++++ Dataset content ++++

(* Let $L$ be a $c$-lattice and $S$ a multiplicatively closed subset of $L$ (with $1\in S$, $0\notin S$), and let $p\in L$. If $q_1,\dots,q_n$ are $S$-$p$-primary elements of $L$, then $\bigwedge_{i=1}^n q_i$ is an $S$-$p$-primary element of $L$.
   Context: A multiplicative lattice is a complete lattice with a commutative, associative multiplication distributing over arbitrary joins, with $1$ as identity; $L_*$ is the set of compact elements. A $c$-lattice is a compactly generated multiplicative lattice with $1$ compact in which the product of two compact elements is compact. A multiplicatively closed subset is a nonempty $S\subseteq L_*$ closed under multiplication. $\sqrt a=\bigvee\{x\in L_*\mid x^n\le a\text{ for some }n\in\mathbb{Z}^+\}$. A proper element $p$ with $t\not\le p$ for all $t\in S$ is $S$-prime if there is $s\in S$ such that $ab\le p$ implies $sa\le p$ or $sb\le p$ for all $a,b$. A proper element $q$ with $t\not\le q$ for all $t\in S$ is $S$-primary if there is $s\in S$ such that $cd\le q$ implies $sc\le q$ or $sd\le\sqrt q$ for all $c,d\in L$; it is $S$-$p$-primary if moreover $\sqrt q=p$ and $p$ is $S$-prime. *)

From Stdlib Require Import List Arith.

Record MultLattice := {
  carrier :> Type;
  le : carrier -> carrier -> Prop;
  sup : (carrier -> Prop) -> carrier;
  mul : carrier -> carrier -> carrier;
  one : carrier;
  le_refl : forall x, le x x;
  le_trans : forall x y z, le x y -> le y z -> le x z;
  le_antisym : forall x y, le x y -> le y x -> x = y;
  sup_ub : forall (A : carrier -> Prop) x, A x -> le x (sup A);
  sup_least : forall (A : carrier -> Prop) z,
      (forall x, A x -> le x z) -> le (sup A) z;
  mul_comm : forall x y, mul x y = mul y x;
  mul_assoc : forall x y z, mul x (mul y z) = mul (mul x y) z;
  mul_one : forall x, mul one x = x;
  le_one : forall x, le x one;
  mul_sup : forall (a : carrier) (A : carrier -> Prop),
      mul a (sup A) = sup (fun y => exists x, A x /\ y = mul a x)
}.

Arguments le {_}. Arguments sup {_}. Arguments mul {_}. Arguments one {_}.

Section Defs.
Variable L : MultLattice.

Definition bot : L := sup (fun _ => False).

Definition inf (A : L -> Prop) : L := sup (fun x => forall y, A y -> le x y).

Definition compact (x : L) : Prop :=
  forall A : L -> Prop, le x (sup A) ->
    exists l : list L, (forall y, In y l -> A y) /\ le x (sup (fun y => In y l)).

Definition compactly_generated : Prop :=
  forall a : L, a = sup (fun x => compact x /\ le x a).

Definition c_lattice : Prop :=
  compactly_generated /\ compact one /\
  (forall x y, compact x -> compact y -> compact (mul x y)).

Definition mult_closed (S : L -> Prop) : Prop :=
  (exists s, S s) /\ (forall s, S s -> compact s) /\
  (forall s t, S s -> S t -> S (mul s t)).

Fixpoint pw (x : L) (n : nat) : L :=
  match n with 0 => one | S m => mul x (pw x m) end.

Definition rad (a : L) : L :=
  sup (fun x => compact x /\ exists n, 1 <= n /\ le (pw x n) a).

Definition proper (a : L) : Prop := a <> one.

Definition S_prime (S : L -> Prop) (p : L) : Prop :=
  proper p /\ (forall t, S t -> ~ le t p) /\
  exists s, S s /\ forall a b, le (mul a b) p -> le (mul s a) p \/ le (mul s b) p.

Definition S_primary (S : L -> Prop) (q : L) : Prop :=
  proper q /\ (forall t, S t -> ~ le t q) /\
  exists s, S s /\ forall c d, le (mul c d) q -> le (mul s c) q \/ le (mul s d) (rad q).

Definition S_p_primary (S : L -> Prop) (p q : L) : Prop :=
  S_primary S q /\ rad q = p /\ S_prime S p.

End Defs.

Arguments bot {_}. Arguments inf {_}. Arguments compact {_}.
Arguments mult_closed {_}. Arguments rad {_}.
Arguments S_prime {_}. Arguments S_primary {_}. Arguments S_p_primary {_}.

(* Each q_i lies below q_1, so the meet Q inherits properness and S-avoidance, and
   rad Q <= rad q_1 = p.  Conversely, in a c-lattice a compact x below rad q has a power
   below q (a finite join of elements with powers below q has one too, by the binomial
   expansion), so a compact x <= p has a power below every q_i, hence below Q.  Finally,
   the product of the witnesses s_i of the q_i is a single witness s for all of them: if
   cd <= Q and sd is not below p, then sc <= q_i for each i, i.e. sc <= Q. *)

From Stdlib Require Import Arith Lia Classical List.

#[local] Arguments le_refl {_}. #[local] Arguments le_trans {_}.
#[local] Arguments le_antisym {_}. #[local] Arguments sup_ub {_}.
#[local] Arguments sup_least {_}. #[local] Arguments mul_comm {_}.
#[local] Arguments mul_assoc {_}. #[local] Arguments mul_one {_}.
#[local] Arguments le_one {_}. #[local] Arguments mul_sup {_}.
#[local] Arguments pw {_}.

Lemma exists_uniform_witness {A : Type} (G : A -> Prop) (f : A -> A -> A)
    (R : nat -> A -> Prop) (a0 : A) (n : nat) :
  G a0 -> (forall a b, G a -> G b -> G (f a b)) ->
  (forall i a b, R i a -> R i (f a b)) -> (forall i a b, R i b -> R i (f a b)) ->
  (forall i, 1 <= i <= n -> exists a, G a /\ R i a) ->
  exists a, G a /\ forall i, 1 <= i <= n -> R i a.
Proof.
  intros G0 Gf Rl Rr HR. induction n as [|n IH].
  - exists a0. split; [exact G0 | lia].
  - destruct IH as [a [Ga Ha]]; [intros i Hi; apply HR; lia |].
    destruct (HR (S n)) as [b [Gb Hb]]; [lia |].
    exists (f a b). split; [now apply Gf |].
    intros i Hi. destruct (Nat.eq_dec i (S n)) as [-> | Hne].
    + now apply Rr.
    + apply Rl, Ha. lia.
Qed.

Section MultLatticeFacts.
Variable L : MultLattice.

Lemma mul_one_r (x : L) : mul x one = x.
Proof. rewrite mul_comm; apply mul_one. Qed.

Lemma mul_AC (c x y : L) : mul (mul c x) y = mul (mul c y) x.
Proof. now rewrite <- !mul_assoc, (mul_comm x). Qed.

Definition join (u v : L) : L := sup (fun z => z = u \/ z = v).

Lemma le_join_l (u v : L) : le u (join u v).
Proof. apply sup_ub; now left. Qed.

Lemma le_join_r (u v : L) : le v (join u v).
Proof. apply sup_ub; now right. Qed.

Lemma join_le (u v a : L) : le u a -> le v a -> le (join u v) a.
Proof. intros Hu Hv; apply sup_least; now intros x [-> | ->]. Qed.

Lemma mul_join_le (c u v a : L) :
  le (mul c u) a -> le (mul c v) a -> le (mul c (join u v)) a.
Proof.
  intros Hu Hv. unfold join; rewrite mul_sup; apply sup_least.
  now intros y [x [[-> | ->] ->]].
Qed.

Lemma mul_mono_r (c a b : L) : le a b -> le (mul c a) (mul c b).
Proof.
  intros Hab. assert (Eb : b = join a b).
  { apply le_antisym; [apply le_join_r | apply join_le; [exact Hab | apply le_refl]]. }
  rewrite Eb; unfold join; rewrite mul_sup.
  apply sup_ub. exists a; split; [now left | reflexivity].
Qed.

Lemma mul_mono_l (c a b : L) : le a b -> le (mul a c) (mul b c).
Proof. intros Hab; rewrite (mul_comm a), (mul_comm b); now apply mul_mono_r. Qed.

Lemma mul_le_l (c x : L) : le (mul c x) c.
Proof. rewrite <- (mul_one_r c) at 2; apply mul_mono_r, le_one. Qed.

Lemma mul_le_r (c x : L) : le (mul x c) c.
Proof. rewrite mul_comm; apply mul_le_l. Qed.

Lemma le_mul_of_le (c x a : L) : le c a -> le (mul c x) a.
Proof. intros Hc; eapply le_trans; [apply mul_le_l | exact Hc]. Qed.

Lemma pw_add (x : L) (m k : nat) : pw x (m + k) = mul (pw x m) (pw x k).
Proof.
  induction m as [|m IH]; simpl.
  - now rewrite mul_one.
  - now rewrite IH, mul_assoc.
Qed.

Lemma pw_mono (x y : L) (n : nat) : le x y -> le (pw x n) (pw y n).
Proof.
  intros Hxy; induction n as [|n IH]; simpl; [apply le_refl |].
  eapply le_trans; [apply mul_mono_l, Hxy | apply mul_mono_r, IH].
Qed.

(* Every word of length m + k in u and v contains u at least m times or v at least
   k times; the multiplier c makes the induction go through. *)
Lemma mul_pw_join_le (a u v : L) (N : nat) : forall m k c, m + k = N ->
  le (mul c (pw u m)) a -> le (mul c (pw v k)) a -> le (mul c (pw (join u v) N)) a.
Proof.
  induction N as [|N IH]; intros [|m] [|k] c E Hu Hv; simpl in *;
    try (rewrite mul_one_r in Hu || rewrite mul_one_r in Hv; now apply le_mul_of_le);
    try lia.
  rewrite mul_assoc, mul_AC. apply mul_join_le; rewrite mul_AC.
  - apply (IH m (S k)); [lia | now rewrite <- mul_assoc |].
    rewrite mul_AC; now apply le_mul_of_le.
  - apply (IH (S m) k); [lia | | now rewrite <- mul_assoc].
    rewrite mul_AC; now apply le_mul_of_le.
Qed.

Lemma pw_join_le (q u v : L) (m k : nat) :
  le (pw u m) q -> le (pw v k) q -> le (pw (join u v) (m + k)) q.
Proof.
  intros Hu Hv. rewrite <- (mul_one (pw _ _)).
  apply (mul_pw_join_le q u v (m + k) m k); [reflexivity | now rewrite mul_one ..].
Qed.

Lemma pw_sup_list_le (q : L) (l : list L) :
  (forall y, In y l -> exists n, le (pw y n) q) ->
  exists m, le (pw (sup (fun y => In y l)) m) q.
Proof.
  induction l as [|a l IH]; intros Hl.
  - exists 1. simpl. rewrite mul_one_r. now apply sup_least.
  - destruct (Hl a) as [n Hn]; [now left |].
    destruct IH as [m Hm]; [intros y Hy; apply Hl; now right |].
    exists (n + m).
    apply (le_trans _ (pw (join a (sup (fun y => In y l))) (n + m)));
      [apply pw_mono | now apply pw_join_le].
    apply sup_least. intros x [<- | Hx]; [apply le_join_l |].
    eapply le_trans; [now apply (sup_ub (fun y => In y l)) | apply le_join_r].
Qed.

Lemma compact_le_rad (q x : L) :
  compact x -> le x (rad q) -> exists m, 1 <= m /\ le (pw x m) q.
Proof.
  intros Hc Hx. destruct (Hc _ Hx) as [l [Hl Hle]].
  destruct (pw_sup_list_le q l) as [m Hm].
  { intros y Hy. destruct (Hl y Hy) as [_ [n [_ Hn]]]. now exists n. }
  exists (S m). split; [lia |]. simpl.
  eapply le_trans; [apply mul_le_r | eapply le_trans; [apply pw_mono, Hle | exact Hm]].
Qed.

Lemma rad_mono (a b : L) : le a b -> le (rad a) (rad b).
Proof.
  intros Hab. apply sup_least. intros x [Hc [n [Hn Hx]]].
  apply sup_ub. split; [exact Hc |]. exists n. split; [exact Hn | eapply le_trans; eauto].
Qed.

Lemma inf_lb (A : L -> Prop) (y : L) : A y -> le (inf A) y.
Proof. intros Hy; apply sup_least; intros x Hx; now apply Hx. Qed.

Lemma inf_glb (A : L -> Prop) (x : L) : (forall y, A y -> le x y) -> le x (inf A).
Proof. intros H; now apply sup_ub. Qed.

Definition inf_range (q : nat -> L) (n : nat) : L :=
  inf (fun y => exists i, 1 <= i <= n /\ y = q i).

Lemma inf_range_lb (q : nat -> L) (n i : nat) : 1 <= i <= n -> le (inf_range q n) (q i).
Proof. intros Hi; apply inf_lb; now exists i. Qed.

Lemma inf_range_glb (q : nat -> L) (n : nat) (x : L) :
  (forall i, 1 <= i <= n -> le x (q i)) -> le x (inf_range q n).
Proof. intros H; apply inf_glb; intros y [i [Hi ->]]; now apply H. Qed.

Lemma rad_inf_range (p : L) (q : nat -> L) (n : nat) :
  compactly_generated L -> 1 <= n -> (forall i, 1 <= i <= n -> rad (q i) = p) ->
  rad (inf_range q n) = p.
Proof.
  intros Hcg Hn Hq. apply le_antisym.
  - rewrite <- (Hq 1) by lia. apply rad_mono, inf_range_lb; lia.
  - rewrite (Hcg p). apply sup_least. intros x [Hc Hxp].
    destruct (exists_uniform_witness (fun m => 1 <= m) Nat.add
                (fun i m => le (pw x m) (q i)) 1 n) as [M [HM HMq]].
    + lia.
    + intros; lia.
    + intros i m k H. rewrite pw_add. eapply le_trans; [apply mul_le_l | exact H].
    + intros i m k H. rewrite pw_add. eapply le_trans; [apply mul_le_r | exact H].
    + intros i Hi. apply compact_le_rad; [exact Hc | now rewrite Hq].
    + apply sup_ub. split; [exact Hc |]. exists M. split; [exact HM |].
      now apply inf_range_glb.
Qed.

Lemma S_primary_inf_range (S : L -> Prop) (p : L) (q : nat -> L) (n : nat) :
  mult_closed S -> S one -> 1 <= n -> rad (inf_range q n) = p ->
  (forall i, 1 <= i <= n -> S_primary S (q i) /\ rad (q i) = p) ->
  S_primary S (inf_range q n).
Proof.
  intros [_ [_ HSmul]] HS1 Hn Hrad Hq.
  assert (Hlb1 : le (inf_range q n) (q 1)) by (apply inf_range_lb; lia).
  destruct (Hq 1) as [[Hproper [Havoid _]] _]; [lia |].
  split; [| split].
  - intros E. apply Hproper, le_antisym; [apply le_one | now rewrite <- E].
  - intros t Ht Hle. apply (Havoid t Ht). now apply (le_trans _ _ _ Hle).
  - destruct (exists_uniform_witness S mul (fun i s => forall c d,
        le (mul c d) (q i) -> le (mul s c) (q i) \/ le (mul s d) p) one n)
      as [s [Hs Hsq]]; [exact HS1 | exact HSmul | | | |].
    + intros i s t H c d Hcd.
      destruct (H c d Hcd); [left | right]; rewrite mul_AC; now apply le_mul_of_le.
    + intros i s t H c d Hcd.
      destruct (H c d Hcd); [left | right]; rewrite (mul_comm s t), mul_AC; now apply le_mul_of_le.
    + intros i Hi. destruct (Hq i Hi) as [[_ [_ [s [Hs Hsq]]]] Hradi].
      exists s. split; [exact Hs |]. now rewrite <- Hradi.
    + exists s. split; [exact Hs |]. intros c d Hcd. rewrite Hrad.
      destruct (classic (le (mul s d) p)) as [Hd | Hd]; [now right | left].
      apply inf_range_glb. intros i Hi.
      destruct (Hsq i Hi c d) as [Hc | Hc]; [| exact Hc | contradiction].
      apply (le_trans _ _ _ Hcd), inf_range_lb, Hi.
Qed.

End MultLatticeFacts.

Theorem mainTheorem8 (L : MultLattice) (hL : c_lattice L)
  (S : L -> Prop) (hS : mult_closed S) (h1 : S one) (h0 : ~ S bot)
  (p : L) (n : nat) (q : nat -> L) (hn : 1 <= n)
  (hq : forall i, 1 <= i <= n -> S_p_primary S p (q i)) :
  S_p_primary S p (inf (fun y => exists i, 1 <= i <= n /\ y = q i)).
Proof.
  destruct hL as [Hcg _].
  assert (Hrad : rad (inf_range L q n) = p).
  { apply rad_inf_range; [exact Hcg | exact hn |]. intros i Hi. now destruct (hq i Hi) as [_ [Hradi _]]. }
  split; [| split; [exact Hrad |]].
  - apply (S_primary_inf_range L S p); [exact hS | exact h1 | exact hn | exact Hrad |].
    intros i Hi. destruct (hq i Hi) as [Hprim [Hradi _]]. now split.
  - destruct (hq 1) as [_ [_ Hprime]]; [lia | exact Hprime].
Qed.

++++

Aim of the task: Count how many lines above carry the word "split". Only the number is required.

Task output: 11